● **EXERCISE DATA**:
>>>
(* Let $H\in\mathbb{R}^{\ell\times\ell}$ be symmetric, $0\ne g_0\in\mathbb{R}^\ell$, $\gamma>0$, and let $(\lambda_*,w_* )$ be a minimizer of pQEPmin. (1) If $g_0^{\top}w_*\ne0$ for all minimizers $(\lambda_*,w_* )$ of pQEPmin, then $\lambda_*<\lambda_{\min}(H)$ and the minimizer of pLGopt is unique. (2) If there exists a minimizer $(\lambda_*,w_* )$ of pQEPmin with $g_0^{\top}w_*=0$, then $\lambda_*=\lambda_{\min}(H)$, and the minimizer of pLGopt is unique if and only if $\|x_*\|=\gamma$, where $x_*=-(H-\lambda_*I)^{\dagger}g_0$.
   Context: pLGopt: minimize $\lambda$ over pairs $(\lambda,y)\in\mathbb{R}\times\mathbb{R}^\ell$ with $(H-\lambda I)y=-g_0$ and $\|y\|=\gamma$. pQEPmin: minimize $\lambda$ over pairs $(\lambda,w)$ with $\lambda\in\mathbb{R}$, $0\ne w\in\mathbb{R}^\ell$ and $(H-\lambda I)^2w=\gamma^{-2}g_0g_0^{\top}w$. $\lambda_{\min}(H)$ is the smallest eigenvalue of $H$; $X^\dagger$ is the Moore–Penrose inverse. *)

From HB Require Import structures.
From mathcomp Require Import all_boot all_order all_algebra.
From mathcomp Require Import boolp classical_sets reals.
Set Implicit Arguments. Unset Strict Implicit. Unset Printing Implicit Defensive.
Import Order.TTheory GRing.Theory Num.Theory.
Local Open Scope ring_scope.

Section Defs.
Variables (R : realType) (n : nat).

Definition vnorm (y : 'cV[R]_n) : R := Num.sqrt ((y^T *m y) 0 0).

Definition is_lambda_min (H : 'M[R]_n) (a : R) : Prop :=
  eigenvalue H a /\ forall b, eigenvalue H b -> a <= b.
Definition lambda_min (H : 'M[R]_n) : R := xget 0 [set a | is_lambda_min H a].

Definition is_MP_inverse (A X : 'M[R]_n) : Prop :=
  [/\ A *m X *m A = A, X *m A *m X = X, (A *m X)^T = A *m X & (X *m A)^T = X *m A].
Definition MP_inverse (A : 'M[R]_n) : 'M[R]_n := xget 0 [set X | is_MP_inverse A X].

Definition LG_feasible (H : 'M[R]_n) (g0 : 'cV[R]_n) (gam : R) (lam : R) (y : 'cV[R]_n) : Prop :=
  (H - lam%:M) *m y = - g0 /\ vnorm y = gam.
Definition LG_minimizer H g0 gam (p : R * 'cV[R]_n) : Prop :=
  LG_feasible H g0 gam p.1 p.2 /\
  forall lam y, LG_feasible H g0 gam lam y -> p.1 <= lam.

Definition QEP_feasible (H : 'M[R]_n) (g0 : 'cV[R]_n) (gam : R) (lam : R) (w : 'cV[R]_n) : Prop :=
  w != 0 /\ (H - lam%:M) *m (H - lam%:M) *m w = gam ^- 2 *: (g0 *m g0^T *m w).
Definition QEP_minimizer H g0 gam (lam : R) (w : 'cV[R]_n) : Prop :=
  QEP_feasible H g0 gam lam w /\
  forall lam' w', QEP_feasible H g0 gam lam' w' -> lam <= lam'.
End Defs.

(* In an orthonormal eigenbasis of H (H = Q diag(d) Q^T, c = Q^T g0) both problems are
   governed by the secular function phi(lam) = sum_i c_i^2 / (d_i - lam)^2, which equals
   ||(H - lam I)^-1 g0||^2 off the spectrum.  A pLGopt pair (lam, y) gives the pQEPmin pair
   (lam, (H - lam I)^-1 y), or an eigenvector when lam is an eigenvalue; conversely a
   pQEPmin pair with g0^T w <> 0 gives the pLGopt pair (lam, -(gam^2 / g0^T w) (H - lam I) w).
   Hence lam_* bounds pLGopt from below.  If g0 has a component along the eigenspace of
   lambda_min, phi blows up at lambda_min, so phi = gam^2 has a root strictly to its left;
   this forces lam_* < lambda_min, where H - lam_* I is invertible and the solution is
   unique.  Otherwise lam_* = lambda_min, the solutions at lambda_min are x_* + z with z in
   the eigenspace, and ||x_*||^2 = phi(lambda_min): if ||x_*|| < gam then x_* +- t v are two
   minimizers, and if ||x_*|| > gam then phi = gam^2 has a root left of lambda_min. *)

From HB Require Import structures.
From mathcomp Require Import all_boot all_order all_algebra.
From mathcomp Require Import boolp classical_sets reals.
From mathcomp Require Import spectral complex.
From mathcomp Require Import ring lra.
Import Order.TTheory GRing.Theory Num.Theory.
Set Implicit Arguments. Unset Strict Implicit. Unset Printing Implicit Defensive.
Local Open Scope ring_scope.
<<<
● **PROBLEM DETAILS**:
Lines wanted from the listing above: the line with "Definition lambda_min (H" up to and including the line with "Definition QEP_feasible (H". Please write them out exactly, adding nothing else.

● **WRITTEN RESPONSE**:
Definition lambda_min (H : 'M[R]_n) : R := xget 0 [set a | is_lambda_min H a].

Definition is_MP_inverse (A X : 'M[R]_n) : Prop :=
  [/\ A *m X *m A = A, X *m A *m X = X, (A *m X)^T = A *m X & (X *m A)^T = X *m A].
Definition MP_inverse (A : 'M[R]_n) : 'M[R]_n := xget 0 [set X | is_MP_inverse A X].

Definition LG_feasible (H : 'M[R]_n) (g0 : 'cV[R]_n) (gam : R) (lam : R) (y : 'cV[R]_n) : Prop :=
  (H - lam%:M) *m y = - g0 /\ vnorm y = gam.
Definition LG_minimizer H g0 gam (p : R * 'cV[R]_n) : Prop :=
  LG_feasible H g0 gam p.1 p.2 /\
  forall lam y, LG_feasible H g0 gam lam y -> p.1 <= lam.

Definition QEP_feasible (H : 'M[R]_n) (g0 : 'cV[R]_n) (gam : R) (lam : R) (w : 'cV[R]_n) : Prop :=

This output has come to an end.